— TASK DESCRIPTION —
Starting at the line containing "revenue_competitive_prefix hC Hdec0" and ending at the line containing "replace (INR m", print every line of the material below exactly, both ends included, and stop there.

— INFORMATION SHOWN —

(* Let $\mathcal F,\mathcal F'$ be $\rho$-flags on $V,V'$ with fixed adapted bases $(v_i),(v'_i)$. Define $F:U(M(\rho,k))\times{\rm Aut}_0(\mathcal C)\times\mathcal T\to{\rm Iso}_{alg}({\rm End}(\mathcal F),{\rm End}(\mathcal F'))$ by $F(A,g,(a_{ij}))=\varphi$, where $\varphi$ is the linear map with $\varphi(E_{ij})=F_{ij}$ for all $i\rho j$, with $F_{ij}$ constructed as follows: $(w_1,\dots,w_n)=(v'_1,\dots,v'_n)A^g$, $F_{ij}(w_j)=a_{ij}w_i$ and $F_{ij}(w_r)=0$ for $r\neq j$. Then $F$ is well defined (each such $\varphi$ is an algebra isomorphism ${\rm End}(\mathcal F)\to{\rm End}(\mathcal F')$) and $F$ is surjective: every algebra isomorphism ${\rm End}(\mathcal F)\to{\rm End}(\mathcal F')$ is of the form $F(A,g,(a_{ij})_{i\rho j})$.
   Context: Let $k$ be a field, $n\ge 1$, $\rho$ a preorder on $\{1,\dots,n\}$, $M(\rho,k)$ the subalgebra of $M_n(k)$ of matrices with $(i,j)$-entry $0$ whenever $(i,j)\notin\rho$, and $U(M(\rho,k))$ its group of invertible elements. Write $i\sim j$ iff $i\rho j$ and $j\rho i$; $\mathcal C$ is the set of classes, $\hat i$ the class of $i$, ordered by $\hat i\le\hat j$ iff $i\rho j$; $m_\alpha=|\alpha|$. A $\rho$-flag $(V,(V_\alpha)_{\alpha\in\mathcal C})$ is an $n$-dimensional space with subspaces $V_\alpha$ admitting a basis $B=\bigcup_\alpha B_\alpha$ (disjoint) with $|B_\alpha|=m_\alpha$ and $\bigcup_{\beta\le\alpha}B_\beta$ a basis of $V_\alpha$; ${\rm End}(\mathcal F)$ is the algebra of linear $f:V\to V$ with $f(V_\alpha)\subseteq V_\alpha$. An adapted basis $(v_i)_{1\le i\le n}$ of $V$ is one with $\{v_i:\hat i\le\alpha\}$ a basis of $V_\alpha$ for all $\alpha$; for $i\rho j$, $E_{ij}(v_t)=\delta_{jt}v_i$. ${\rm Aut}_0(\mathcal C)$ is the group of poset automorphisms $g$ of $\mathcal C$ with $m_{g(\alpha)}=m_\alpha$ for all $\alpha$. For $g\in{\rm Aut}_0(\mathcal C)$, $\tilde g\in S_n$ is defined by: if $\alpha=\{i_1<\dots<i_r\}$ and $g(\alpha)=\{j_1<\dots<j_r\}$ then $\tilde g(i_s)=j_s$. For $A\in M_n(k)$, $A^g$ is the matrix whose $(i,j)$-entry is the $(i,\tilde g(j))$-entry of $A$. $\mathcal T$ is the set of families $(a_{ij})_{i\rho j}$ in $k^*$ with $a_{ij}a_{jr}=a_{ir}$ whenever $i\rho j$, $j\rho r$. $(w_1,\dots,w_n)=(v'_1,\dots,v'_n)M$ means $w_j=\sum_i M_{ij}v'_i$. *)

From HB Require Import structures.
From mathcomp Require Import all_boot all_order all_algebra all_fingroup.
Set Implicit Arguments. Unset Strict Implicit. Unset Printing Implicit Defensive.
Import GRing.Theory.
Local Open Scope ring_scope.

Section Defs.
Variable n : nat.
Implicit Types (rho : rel 'I_n).

Definition preorder_rel rho := reflexive rho /\ transitive rho.

Definition cls rho (i : 'I_n) : {set 'I_n} := [set j | rho i j && rho j i].

Definition classes rho : {set {set 'I_n}} := [set cls rho i | i : 'I_n].

Definition cle rho (a b : {set 'I_n}) : bool :=
  [exists i in a, exists j in b, rho i j].

(* Aut_0(C): poset automorphisms of C preserving the class sizes.
   (g is a function on sets of indices; only its restriction to C matters.) *)
Definition Aut0 rho (g : {set 'I_n} -> {set 'I_n}) : Prop :=
  [/\ {in classes rho, forall a, g a \in classes rho},
      {in classes rho &, injective g},
      {in classes rho &, forall a b, cle rho (g a) (g b) = cle rho a b}
    & {in classes rho, forall a, #|g a| = #|a|}].

(* tilde g : if alpha = {i_1 < ... < i_r}, g alpha = {j_1 < ... < j_r},
   then tilde g (i_s) = j_s (enum of a set of ordinals is increasing). *)
Definition gtilde rho (g : {set 'I_n} -> {set 'I_n}) (i : 'I_n) : 'I_n :=
  nth i (enum (g (cls rho i))) (index i (enum (cls rho i))).

Definition mx_twist (k : fieldType) rho g (A : 'M[k]_n) : 'M[k]_n :=
  \matrix_(i, j) A i (gtilde rho g j).

Definition inMrho (k : fieldType) rho (A : 'M[k]_n) : bool :=
  [forall i, forall j, ~~ rho i j ==> (A i j == 0)].
Lemma decisions_feasible : spent decision m <= C /\ 0 <= decision 0.
Proof.
  destruct hA as [Hfeas _].
  destruct (Hfeas _ (assumptionA_price_instance (S m) (le_n _))) as [Hbox Hsum].
  rewrite price_instance_length in Hbox, Hsum. split.
  - unfold spent. erewrite <- sumR_ext; [exact Hsum |].
    intros; apply alg_decisions_price_instance; assumption.
  - rewrite <- (alg_decisions_price_instance (S m)) by lia. apply Hbox. lia.
Qed.

(* Offline, the whole capacity goes to the last (most valuable) item. *)
Lemma revenue_competitive_prefix k :
  (k <= m)%nat -> price k * C <= alpha * revenue price decision k.
Proof.
  intros Hk. destruct hA as [_ Hopt].
  set (y := fun n => if Nat.eqb n k then C else 0).
  assert (Hy_lt : forall i, (i < k)%nat -> y i = 0).
  { intros i Hi. unfold y. replace (Nat.eqb i k) with false; [reflexivity |].
    symmetry. apply Nat.eqb_neq. lia. }
  assert (Hy_k : y k = C) by (unfold y; rewrite Nat.eqb_refl; reflexivity).
  assert (Hy : feasible C (price_instance (S k)) y).
  { split; rewrite price_instance_length.
    - intros n Hn. unfold size_of. rewrite price_instance_nth by exact Hn. simpl.
      unfold y. destruct (Nat.eqb n k); lra.
    - simpl. rewrite (sumR_zero k y Hy_lt), Hy_k. lra. }
  pose proof (Hopt _ (assumptionA_price_instance (S k) ltac:(lia)) y Hy) as H.
  rewrite ALG_price_instance in H. unfold objective in H.
  rewrite price_instance_length in H. simpl in H.
  rewrite sumR_zero in H.
  - unfold val_of in H. rewrite price_instance_nth in H by lia. simpl in H.
    rewrite Hy_k in H. lra.
  - intros i Hi. unfold val_of. rewrite price_instance_nth by lia. simpl.
    rewrite Hy_lt by exact Hi. ring.
Qed.

Lemma competitive_ratio_ge_grid :
  0 < alpha /\ 1 + (ln U - ln L) - (U - L) * (U - L) / (L * L) / INR m <= alpha.
Proof.
  destruct decisions_feasible as [Hspent Hdec0].
  destruct (ratio_ge_log_riemann_sum price decision C alpha m
              (fun k => Rlt_le_trans _ _ _ hL (price_ge k))
              (fun k => price_grid_le_succ _ _ k price_step_nonneg)
              revenue_competitive_prefix hC Hdec0 Hspent) as [Halpha Hbound].
  split; [exact Halpha |].
  pose proof (log_riemann_sum_price_grid L ((U - L) / INR m) m hL price_step_nonneg) as Hgrid.
  fold price in Hgrid. rewrite price_last in Hgrid.
  replace (INR m * ((U - L) / INR m * ((U - L) / INR m) / (L * L)))
    with ((U - L) * (U - L) / (L * L) / INR m) in Hgrid
    by (pose proof (lt_0_INR m hm); field; lra).
  lra.
Qed.
End Adversary.

Lemma competitive_ratio_ge_log C L U alpha A :
  0 < C -> 0 < L -> L <= U -> competitive C L U alpha A ->
  0 < alpha /\ 1 + (ln U - ln L) <= alpha.
Proof.
  intros hC hL hLU hA. split.
  - exact (proj1 (competitive_ratio_ge_grid C L U alpha A 1 hC hL hLU ltac:(lia) hA)).
  - apply (le_of_forall_sub_div_INR _ _ ((U - L) * (U - L) / (L * L))).
    intros m hm. exact (proj2 (competitive_ratio_ge_grid C L U alpha A m hC hL hLU hm hA)).
Qed.

Theorem lemma2 (C L U alpha : R) (hC : 0 < C) (hL : 0 < L) (hLU : L <= U) :
  (exists A : online_alg, competitive C L U alpha A) ->
  exists psi : R -> R,
    (forall x y, L <= x -> x <= y -> y <= U -> psi x <= psi y) /\
    (forall u, L <= u <= U -> 0 <= psi u <= C) /\
    (forall p, L <= p <= U ->
       exists I, is_RS_integral (fun u => u) psi L p I /\
                 L * psi L + I >= p * C / alpha) /\
    psi L >= C / alpha /\
    psi U <= C.
Proof.
  intros [A hA].
  destruct (competitive_ratio_ge_log C L U alpha A hC hL hLU hA) as [Halpha Hratio].
  set (c := C / alpha).
  assert (Hc : 0 < c) by (apply Rdiv_lt_0_compat; assumption).
  assert (HcU : c * (1 + ln U - ln L) <= C).
  { apply Rle_trans with (c * alpha); [apply Rmult_le_compat_l; lra |].
    right. unfold c. field. lra. }
  exists (fun u => c * (1 + ln u - ln L)).
  split; [| split; [| split; [| split]]].
  - intros x y Hx Hxy Hy. pose proof (ln_le x y ltac:(lra) Hxy).
    apply Rmult_le_compat_l; lra.
  - intros u [HLu HuU]. pose proof (ln_le L u hL HLu). pose proof (ln_le u U ltac:(lra) HuU).
    split; [nra |].
    apply Rle_trans with (c * (1 + ln U - ln L)); [apply Rmult_le_compat_l |]; lra.
  - intros p [Hp _]. exists (c * (p - L)). split.
    + apply (is_RS_integral_affine _ ln _ _ _ _ (c * (1 - ln L)) c);
        [intros; ring | apply is_RS_integral_id_ln; lra].
    + apply Req_ge. unfold c. field. lra.
  - apply Req_ge. ring.
  - exact HcU.
Qed.
Lemma card_incomparable_pairs : (0 < #|E|)%N ->
  size (incomparable_pairs c) = (2 * 4 ^ #|E|.-1 + 2 ^ #|E|.-1 - 3 ^ #|E|)%N.
Proof.
move=> E_gt0; rewrite /incomparable_pairs -cardE.
set lt_incomp := [pred p | _].
pose incomp := [pred p : 'I_M * 'I_M | incomparable (c p.1) (c p.2)].
pose sub12 := [pred p : 'I_M * 'I_M | c p.1 \subset c p.2].
pose sub21 := [pred p : 'I_M * 'I_M | c p.2 \subset c p.1].
have halves : (#|lt_incomp| + #|lt_incomp| = #|incomp|)%N.
  rewrite -(cardID [pred p : 'I_M * 'I_M | (p.1 < p.2)%N] incomp); congr (_ + _).
    by apply: eq_card => p; rewrite !inE andbC.
  rewrite -(card_swap lt_incomp); apply: eq_card => -[i j]; rewrite !inE /incomparable /=.
  by case: (ltngtP i j) => [|_|/val_inj ->]; rewrite ?subxx ?andbF //= andbC.
have compl : (#|incomp| + #|[predU sub12 & sub21]| = 4 ^ #|E|)%N.
  have -> : (4 ^ #|E| = #|{: 'I_M * 'I_M}|)%N.
    by rewrite card_prod card_ord card_index -expnMn.
  rewrite -(cardC incomp); congr (_ + _).
  by apply: eq_card => p; rewrite !inE /incomparable negb_and !negbK.
have card12 : #|sub12| = (3 ^ #|E|)%N := card_subset_pairs.
have card21 : #|sub21| = (3 ^ #|E|)%N by rewrite -card12 -(card_swap sub12); apply: eq_card.
have card_eq : #|[predI sub12 & sub21]| = M.
  have diag_inj : injective (fun i : 'I_M => (i, i)) by move=> i j [].
  rewrite -[RHS]card_ord -[RHS]cardsT -[RHS](card_imset _ diag_inj).
  apply: eq_card => -[i j]; rewrite !inE /= -eqEsubset.
  apply/eqP/imsetP => [/(congr1 cidx)|[k _ [-> ->]]] //.
  by rewrite !cidxK => ->; exists j.
have incl_excl : (#|[predU sub12 & sub21]| + M = 3 ^ #|E| + 3 ^ #|E|)%N.
  by have := cardUI sub12 sub21; rewrite card_eq card12 card21.
move: halves compl incl_excl.
move: #|lt_incomp| #|incomp| #|[predU sub12 & sub21]| => x y z; rewrite card_index.
by case: #|E| E_gt0 => // k _; rewrite /= !expnS; lia.
Qed.

End IncomparableCount.

Theorem corollary4p2 (K : fieldType) (V : finType) (adj : rel V) :
  is_tree adj -> (1 <= #|{: edge adj}|)%N ->
  let n := #|{: edge adj}| in
  let N := (2 * 4 ^ n.-1 + 2 ^ n.-1 - 3 ^ n)%N in
  (exists gs : seq {mpoly K[#|{: upartition V}|]},
      [/\ size gs = N, all (fun g => g \is 2.-homog) gs &
          generates_ideal (@cut_ideal K V adj) gs]) /\
  (forall gs : seq {mpoly K[#|{: upartition V}|]},
      generates_ideal (@cut_ideal K V adj) gs -> (N <= size gs)%N).
Proof.
move=> tree n_gt0 n N.
have [cutset_inv cutsetK cutset_invK] := cutset_bij tree.
pose c (i : 'I_#|{: upartition V}|) := cutset adj (enum_val i).
pose cidx (C : {set edge adj}) := enum_rank (cutset_inv C).
have cK : cancel cidx c by move=> C; rewrite /c /cidx enum_rankK cutset_invK.
have cidxK : cancel c cidx by move=> i; rewrite /c /cidx cutsetK enum_valK.
pose h (i : 'I_#|{: upartition V}|) := @cut_monomial K V adj (enum_val i).
have hE i : h i = (\prod_(e in c i) 'X_(enum_rank (e, true))) *
                  \prod_(e in ~: c i) 'X_(enum_rank (e, false)).
  by rewrite /h /cut_monomial; congr (_ * _); apply: eq_bigl => e; rewrite !inE.
rewrite /N -(card_incomparable_pairs cK cidxK n_gt0); split.
  exists (quadrics K c cidx); split; first by rewrite size_map.
    exact: quadrics_homog.
  exact: (quadrics_generate cK cidxK (@enum_rank_inj _) hE n_gt0).
exact: (ker_generators_size cK cidxK (@enum_rank_inj _) hE n_gt0).
Qed.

— ANSWER TO THIS TASK —
              revenue_competitive_prefix hC Hdec0 Hspent) as [Halpha Hbound].
  split; [exact Halpha |].
  pose proof (log_riemann_sum_price_grid L ((U - L) / INR m) m hL price_step_nonneg) as Hgrid.
  fold price in Hgrid. rewrite price_last in Hgrid.
  replace (INR m * ((U - L) / INR m * ((U - L) / INR m) / (L * L)))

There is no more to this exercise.